5. Klasifikasi Dekubitus
Salah satu cara yang paling awal untuk mengklasifisikan dekubitus adalah
dengan menggunakan sistem nilai atau tahapan (Potter, 2006).
a. Tahap I
Eritema tidak pucat pada kulit utuh, lesi kulit yang diperbesar, kulit tidak
berwarna, hangat atau keras juga dapat menjadi indikator.
b. Tahap II
Hilangnya sebagian ketebalan kulit meliputi epidermis dan atau dermis, ulkus
superfisial dan secara klinis terlihat seperti abrasi lecet atau lubang yang dangkal.
c. Tahap III
Hilangnya seluruh ketebalan kulit meliputi jaringa subkutan yang rusak atau
nekrotik yang mungkin akan melebar kebawah, tapi tidak melampaui yang dalam
dengan atau tanpa merusak jaringan sekitarnya.
d. Tahap IV
Hilangnya seluruh ketebalan kulit disertai dekstruksi ekstensif, kerusakan jaringan
atau kerusakan otot, atau struktur penyangga seperti tendon, kapsul sendi, dll.

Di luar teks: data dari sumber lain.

(* Let $h_6$ be the real two-photon Lie algebra. A Lie bialgebra structure $\delta$ on $h_6$ satisfies $\delta(N)=0$ if and only if there exist real numbers $c_1,c_2$ such that $\delta(X)=[1\otimes X+X\otimes 1,\,r]$ for all $X\in h_6$, with $$r=c_1\,N\wedge M+c_2\,A_+\wedge A_- .$$ Explicitly, $\delta(N)=\delta(M)=0$, $\delta(A_+)=-(c_1+c_2)A_+\wedge M$, $\delta(A_-)=(c_1-c_2)A_-\wedge M$, $\delta(B_+)=-2c_1B_+\wedge M$, $\delta(B_-)=2c_1B_-\wedge M$. Moreover, for this $r$ one has $[[r,r]]=-c_2^2\,A_+\wedge A_-\wedge M$, so $r$ is a solution of the classical Yang–Baxter equation (non-standard case) if and only if $c_2=0$, and is standard (nonzero Schouten bracket, satisfying only the modified classical Yang–Baxter equation) if and only if $c_2\neq 0$.
   Context: The two-photon Lie algebra $h_6$ is the real Lie algebra with basis $\{N,A_+,A_-,B_+,B_-,M\}$ and brackets $[N,A_+]=A_+$, $[N,A_-]=-A_-$, $[A_-,A_+]=M$, $[N,B_+]=2B_+$, $[N,B_-]=-2B_-$, $[B_-,B_+]=4N+2M$, $[A_+,B_-]=-2A_-$, $[A_+,B_+]=0$, $[A_-,B_+]=2A_+$, $[A_-,B_-]=0$, and $M$ central. A Lie bialgebra structure on a Lie algebra $g$ is a linear map $\delta:g\to g\otimes g$ which is a 1-cocycle, i.e. $\delta([X,Y])=[\delta(X),1\otimes Y+Y\otimes 1]+[1\otimes X+X\otimes 1,\delta(Y)]$, and whose dual map $g^*\otimes g^*\to g^*$ is a Lie bracket. For $r\in g\wedge g$, $r=\sum r^{ij}X_i\otimes X_j$, the Schouten bracket is $[[r,r]]=[r_{12},r_{13}]+[r_{12},r_{23}]+[r_{13},r_{23}]$, with $r_{12}=\sum r^{ij}X_i\otimes X_j\otimes 1$, $r_{13}=\sum r^{ij}X_i\otimes 1\otimes X_j$, $r_{23}=\sum r^{ij}1\otimes X_i\otimes X_j$; the classical Yang–Baxter equation is $[[r,r]]=0$. Here $X\wedge Y=X\otimes Y-Y\otimes X$. *)

From HB Require Import structures.
From mathcomp Require Import all_boot all_order all_algebra.
Set Implicit Arguments. Unset Strict Implicit. Unset Printing Implicit Defensive.
Import Order.TTheory GRing.Theory Num.Theory.
Local Open Scope ring_scope.

(* The two-photon Lie algebra h6 over a real field R, in coordinates with
   respect to the ordered basis (X_0,...,X_5) = (N, A+, A-, B+, B-, M).
   Elements of h6 (x) h6 : matrices 'M[R]_6, t i j = coefficient of X_i (x) X_j. *)

Section H6.
Variable R : realFieldType.

(* structure constants: cst i j k = coefficient of X_k in [X_i, X_j] *)
Definition cst_nat (i j k : nat) : R :=
  match i, j, k with
  | 0, 1, 1 => 1 | 1, 0, 1 => -1            (* [N,A+] = A+ *)
  | 0, 2, 2 => -1 | 2, 0, 2 => 1            (* [N,A-] = -A- *)
  | 2, 1, 5 => 1 | 1, 2, 5 => -1            (* [A-,A+] = M *)
  | 0, 3, 3 => 2 | 3, 0, 3 => -2            (* [N,B+] = 2B+ *)
  | 0, 4, 4 => -2 | 4, 0, 4 => 2            (* [N,B-] = -2B- *)
  | 4, 3, 0 => 4 | 3, 4, 0 => -4            (* [B-,B+] = 4N + 2M *)
  | 4, 3, 5 => 2 | 3, 4, 5 => -2
  | 1, 4, 2 => -2 | 4, 1, 2 => 2            (* [A+,B-] = -2A- *)
  | 2, 3, 1 => 2 | 3, 2, 1 => -2            (* [A-,B+] = 2A+ *)
  | _, _, _ => 0                            (* all other brackets vanish, M central *)
  end.

Definition cst (i j k : 'I_6) : R := cst_nat i j k.

Definition h6 := 'rV[R]_6.
Definition h6t2 := 'M[R]_6.
Definition h6t3 := {ffun 'I_6 * 'I_6 * 'I_6 -> R}.

Definition bas (i : 'I_6) : h6 := delta_mx 0 i.
Definition eN  : h6 := bas (inord 0).
Definition eAp : h6 := bas (inord 1).
Definition eAm : h6 := bas (inord 2).
Definition eBp : h6 := bas (inord 3).
Definition eBm : h6 := bas (inord 4).
Definition eM  : h6 := bas (inord 5).

Definition br (x y : h6) : h6 :=
  \row_k \sum_i \sum_j x 0 i * y 0 j * cst i j k.

Definition adm (x : h6) : 'M[R]_6 := \matrix_(i, k) br x (bas i) 0 k.

Definition tens (x y : h6) : h6t2 := x^T *m y.
Definition wedge (x y : h6) : h6t2 := tens x y - tens y x.

Definition tens3 (x y z : h6) : h6t3 :=
  [ffun t : 'I_6 * 'I_6 * 'I_6 => x 0 t.1.1 * y 0 t.1.2 * z 0 t.2].
Definition wedge3 (x y z : h6) : h6t3 :=
  [ffun t => tens3 x y z t + tens3 y z x t + tens3 z x y t
           - tens3 y x z t - tens3 x z y t - tens3 z y x t].

(* action of x on g (x) g : [1 (x) x + x (x) 1, t] *)
Definition ad2 (x : h6) (t : h6t2) : h6t2 := (adm x)^T *m t + t *m adm x.

Definition ad3 (x : h6) (T : h6t3) : h6t3 :=
  [ffun t : 'I_6 * 'I_6 * 'I_6 =>
     let: (a, b, c) := t in
       \sum_i adm x i a * T (i, b, c)
     + \sum_i adm x i b * T (a, i, c)
     + \sum_i adm x i c * T (a, b, i)].

(* Schouten bracket [[r,r]] = [r12,r13] + [r12,r23] + [r13,r23] *)
Definition schouten (r : h6t2) : h6t3 :=
  [ffun t : 'I_6 * 'I_6 * 'I_6 =>
     let: (a, b, c) := t in
       \sum_i \sum_k r i b * r k c * cst i k a
     + \sum_j \sum_k r a j * r k c * cst j k b
     + \sum_j \sum_l r a j * r b l * cst j l c].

6. Tempat Terjadinya Luka Dekubitus
Beberapa tempat yang paling sering terjadi dekubitus adalah sakrum, tumit,
siku, maleolus lateral, trokanter besar, dan tuberostis iskial (Meehan, 1994). Menurut
Bouwhuizen (1986) menyebutkan daerah tubuh yang sering terkena luka dekubitus
adalah :
a. Pada penderita pada posisi terlentang: pada daerah belakang kepala, daerah tulang
belikat, daerah bokong dan tumit.
b. Pada penderita dengan posisi miring: daerah pinggir kepala (terutama daun
telinga), bahu, siku, daerah pangkal paha, kulit pergelangan kaki dan bagian atas
jari - jari kaki.
c. Pada penderita dengan posisi tengkurap: dahi, lengan atas, tulang iga, dan lutut.